Several other hyperspectral curve features have been correlated with chlorophyll content that are less sensitive to other parameters such as water content, nitrogen, or salinity because they are not located along the red edge. For example, the yellow edge position (YEP) is the point of maximum slope along the descending curve between the green reflectance peak and the chlorophyll absorption valley. The yellow edge is strongly related to reflectance in the green spectrum, and green reflectance has been used to measure leaf chlorophyll content (Citation30), therefore YEP is also related to chlorophyll content. Additionally, two features within the chlorophyll absorption valley have been related to plant chlorophyll content (Figure 1). These features include the minimum reflectance (R0) in the red valley (640–680 nm) and the corresponding wavelength position of R0, defined as the red valley position (RVP) (Citation17). These features have only been related to plant chlorophyll content and have not been linked to other biophysical and biochemical parameters. We hypothesize that by utilizing these additional features in conjunction with REP, we can develop less-sensitive chlorophyll prediction indices, which in turn can be used to compare the chlorophyll content of two healthy populations of saltcedar.

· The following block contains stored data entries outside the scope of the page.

Arguments fib {f x y} _.
Arguments weq {f x y} _.

Record IsFibrationCategory (C : FCat) : Prop := {
  fc_fib_id : forall x : Ob C, fib (idm x);
  fc_weq_id : forall x : Ob C, weq (idm x);
  fc_fib_comp : forall (x y z : Ob C) (f : Hom x y) (g : Hom y z),
      fib f -> fib g -> fib (comp g f);
  fc_weq_comp : forall (x y z : Ob C) (f : Hom x y) (g : Hom y z),
      weq f -> weq g -> weq (comp g f);
  fc_2of6 : forall (w x y z : Ob C) (f : Hom w x) (g : Hom x y) (h : Hom y z),
      weq (comp g f) -> weq (comp h g) ->
      weq f /\ weq g /\ weq h /\ weq (comp h (comp g f));
  fc_iso : forall (x y : Ob C) (f : Hom x y) (g : Hom y x),
      comp g f = idm x -> comp f g = idm y -> fib f /\ weq f;
  fc_pb_exists : forall (X A B : Ob C) (p : Hom X B) (f : Hom A B), fib p ->
      exists (P : Ob C) (p' : Hom P A) (g : Hom P X), IsPullback p f p' g;
  fc_pb_fib : forall (X A B P : Ob C) (p : Hom X B) (f : Hom A B)
      (p' : Hom P A) (g : Hom P X), fib p -> IsPullback p f p' g -> fib p';
  fc_pb_afib : forall (X A B P : Ob C) (p : Hom X B) (f : Hom A B)
      (p' : Hom P A) (g : Hom P X), fib p -> weq p -> IsPullback p f p' g -> weq p';
  fc_terminal : exists t : Ob C, IsTerminal t;
  fc_fibrant : forall (X t : Ob C), IsTerminal t -> forall u : Hom X t, fib u;
  fc_factor : forall (x y : Ob C) (f : Hom x y),
      exists (z : Ob C) (w : Hom x z) (p : Hom z y), weq w /\ fib p /\ f = comp p w }.

Section Slice.
Variables (C : FCat) (A : Ob C).

Definition slice_ob := {X : Ob C & {p : Hom X A | fib p}}.
Definition sl_obj (X : slice_ob) : Ob C := projT1 X.
Definition sl_map (X : slice_ob) : Hom (sl_obj X) A := proj1_sig (projT2 X).

Definition slice_hom (X Y : slice_ob) :=
  {h : Hom (sl_obj X) (sl_obj Y) | comp (sl_map Y) h = sl_map X}.

Lemma sig_eq_pi {T : Type} {P : T -> Prop} (a b : sig P) :
  proj1_sig a = proj1_sig b -> a = b.
Proof.
  destruct a as [a Ha], b as [b Hb]; simpl; intros ->.
  f_equal; apply proof_irrelevance.
Qed.

Definition slice_id (X : slice_ob) : slice_hom X X :=
  exist _ (idm (sl_obj X)) (comp_idr _ _ _ (sl_map X)).

Definition slice_comp (X Y Z : slice_ob) (h : slice_hom Y Z) (g : slice_hom X Y)
  : slice_hom X Z.
Proof.
  exists (comp (proj1_sig h) (proj1_sig g)).
  rewrite comp_assoc, (proj2_sig h); exact (proj2_sig g).
Defined.

Arguments slice_comp {X Y Z} _ _.

Lemma slice_idl X Y (f : slice_hom X Y) : slice_comp (slice_id Y) f = f.
Proof. apply sig_eq_pi; simpl; apply comp_idl. Qed.
Lemma slice_idr X Y (f : slice_hom X Y) : slice_comp f (slice_id X) = f.
Proof. apply sig_eq_pi; simpl; apply comp_idr. Qed.
Lemma slice_assoc W X Y Z (f : slice_hom W X) (g : slice_hom X Y) (h : slice_hom Y Z) :
  slice_comp h (slice_comp g f) = slice_comp (slice_comp h g) f.
Proof. apply sig_eq_pi; simpl; apply comp_assoc. Qed.

Definition slice_cat : Category :=
  {| Ob := slice_ob; Hom := slice_hom; idm := slice_id; comp := @slice_comp;
     comp_idl := slice_idl; comp_idr := slice_idr; comp_assoc := slice_assoc |}.

Definition slice : FCat :=
  {| fcat := slice_cat;
     fib := fun X Y (h : slice_hom X Y) => fib (proj1_sig h);
     weq := fun X Y (h : slice_hom X Y) => weq (proj1_sig h) |}.

End Slice.

(** Morphisms x -> y are zigzags (finite composable strings of morphisms of C
    and formal inverses of weak equivalences), modulo the smallest congruence
    identifying composites/identities of C and making the formal inverses
    two-sided inverses. *)

Inductive zigzag (C : FCat) : Ob C -> Ob C -> Type :=
| zz_nil : forall x, zigzag C x x
| zz_fwd : forall x y z, Hom x y -> zigzag C y z -> zigzag C x z
| zz_bwd : forall x y z (w : Hom y x), weq w -> zigzag C y z -> zigzag C x z.

Arguments zz_nil {C} x.
Arguments zz_fwd {C x y z} _ _.
Arguments zz_bwd {C x y z} _ _ _.

Fixpoint zz_app {C : FCat} {x y z : Ob C} (p : zigzag C x y) : zigzag C y z -> zigzag C x z :=
  match p in zigzag _ x y return zigzag C y z -> zigzag C x z with
  | zz_nil _ => fun q => q
  | zz_fwd f p' => fun q => zz_fwd f (zz_app p' q)
  | zz_bwd w Hw p' => fun q => zz_bwd w Hw (zz_app p' q)
  end.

Figure 1. Spectral reflectance features commonly used to assess healthy, green vegetation including REP, yellow edge position (YEP), red valley position (RVP; λ), and the reflectance at the RVP (R0; ρ).

The objectives of this study are twofold. First, two new hyperspectral curve indices are introduced that are derived from multiple chlorophyll-related curve components. By designing the two new indices using a composite of REP with other features that also indicate chlorophyll but are less sensitive to non-chlorophyll biophysical and biochemical parameters, we hypothesize that they are better suited for comparing relative chlorophyll content between two spatially distant vegetation populations. The two new features include the red valley width (RVW) and the chlorophyll absorption region (CAR). Both features are described fully in Section 2.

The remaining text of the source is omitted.